O teto da suíte projetava um céu azul em tempo real, com nuvens pixeladas vagando como se também estivessem de ressaca emocional.
"É assim que milionário acorda todo dia? Porque eu apoio esse estilo de vida com força…" murmurou, com a voz ainda rouca de sono.
TOC TOC.
A porta deslizou suavemente para o lado e entrou um dos criados, jovem, engravatado e com postura de mordomo treinado por monges suíços.
"Senhorita Luna, sua banheira já está pronta. Temperatura ajustada, óleos essenciais ativados. A playlist 'Relaxamento Supremo' foi iniciada."
Luna piscou devagar. "Banho de rainha, trilha sonora e zero boletos… Que vida, viu…"
Vinte minutos depois…
A banheira parecia mais uma piscina particular encravada em mármore rosa com mosaicos dourados.
A água borbulhava suavemente, perfumada com lavanda e notas de arrogância discreta.
Luna afundou até o queixo com os olhos semicerrados. "Acho que finalmente entendi por que ricaço anda devagar… é só cansaço de viver bem demais."
Ela não sabia quanto tempo passou ali. Poderiam ser minutos. Poderiam ser três encarnações.
Mas eventualmente, uma voz suave se fez ouvir. "Senhorita Luna, seu café da manhã está servido."
Era Ivy, a assistente IA do Sistema Tycoon, que agora se manifestava em um holograma 3D elegantemente vestido, com cabelo preso em coque, tailleur branco e olhos que brilhavam como dados binários com autoestima.
A mesa tinha uns quatro metros de comprimento e ainda assim Luna ocupava só a ponta.

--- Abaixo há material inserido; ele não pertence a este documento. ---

(* Let $m>a\geq0$, $n>b\geq0$, $h\geq0$ be integers with $h\leq (m-a)(n-b)-\max\{m-a,n-b\}$, and let $N=mn$. For any $\mathcal{E}'\in\mathbb{E}^{\max}_{m\times n}(a,b,0)$ and any $[N,k]$ code $\mathcal{C}\in\mathbb{C}^{\mathsf{MR}}_{m\times n}(a,b,h)$, the code $\mathcal{C}|_{([m]\times[n])\setminus\mathcal{E}'}$ (obtained by restricting every codeword to the positions outside $\mathcal{E}'$) is an $[N-|\mathcal{E}'|,k,h+1]$ MDS code.
   Context: Positions of vectors in $\mathbb{F}^{mn}$ are identified with the grid $[m]\times[n]$, where $[k]=\{1,\dots,k\}$. For linear codes $\mathcal{C}_1\subseteq\mathbb{F}^m$, $\mathcal{C}_2\subseteq\mathbb{F}^n$ with generator matrices $\mathbf{G}_1,\mathbf{G}_2$, $\mathcal{C}_1\otimes\mathcal{C}_2$ is the row span of $\mathbf{G}_1\otimes\mathbf{G}_2$. A code for the topology $T_{m\times n}(a,b,h)$ is a linear code over a finite field $\mathbb{F}$ with a parity-check matrix $\begin{pmatrix}\mathbf{H}_{\mathsf{local}}\\ \mathbf{H}_{\mathsf{global}}\end{pmatrix}$, where $\mathbf{H}_{\mathsf{local}}$ is a parity-check matrix of $\mathcal{C}_{\mathsf{col}}\otimes\mathcal{C}_{\mathsf{row}}$ for some linear $[m,\geq m-a]$ code $\mathcal{C}_{\mathsf{col}}$ and $[n,\geq n-b]$ code $\mathcal{C}_{\mathsf{row}}$ over $\mathbb{F}$, and $\mathbf{H}_{\mathsf{global}}$ is an arbitrary $h\times mn$ matrix; $\mathbb{C}_{m\times n}(a,b,h)$ is the set of all such codes (over any finite field). A code corrects an erasure pattern $\mathcal{E}\subseteq[m]\times[n]$ if no two distinct codewords agree on all positions outside $\mathcal{E}$. $\mathcal{E}$ is correctable in $T_{m\times n}(a,b,h)$ if some code in $\mathbb{C}_{m\times n}(a,b,h)$ corrects it; $\mathbb{E}_{m\times n}(a,b,h)$ is the set of such patterns, $\mathbb{E}^{\max}_{m\times n}(a,b,h)$ the set of those not properly contained in another correctable pattern. A code in $\mathbb{C}_{m\times n}(a,b,h)$ is maximally recoverable (MR) if it corrects every pattern in $\mathbb{E}_{m\times n}(a,b,h)$; $\mathbb{C}^{\mathsf{MR}}_{m\times n}(a,b,h)$ is the set of MR codes. *)

From HB Require Import structures.
From mathcomp Require Import all_boot all_order all_algebra.
Set Implicit Arguments. Unset Strict Implicit. Unset Printing Implicit Defensive.
Import GRing.Theory.
Local Open Scope ring_scope.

O restante da mesa ostentava uma obra-prima de café da manhã: Croissants frescos recheados com queijo europeu, Tiras de bacon artesanal defumado por alquimistas (provavelmente), Frutas tropicais cortadas com precisão cirúrgica, Panquecas de três andares,Ovos mexidos com trufas negras.
E claro… café mais uma vez digno de deuses.
Ela pegou um morango e mordeu devagar, contemplando a imensidão silenciosa do salão.
Ivy se materializou a poucos passos de distância, com o típico sorriso sutil. "Senhorita Luna… gostaria de alertá-la sobre uma questão sensível."
Luna ergueu uma sobrancelha, ainda mastigando. "Problema? Mas eu literalmente só comi, dormi e boiei em sais de banho milionários."
"Justamente." Ivy andou alguns passos, projetando uma tela holográfica que mostrava gráficos, notícias e... postagens de redes sociais. "Sua ascensão repentina já está causando ruído. Mídia, redes, bancos e até diplomatas estão tentando entender quem é você."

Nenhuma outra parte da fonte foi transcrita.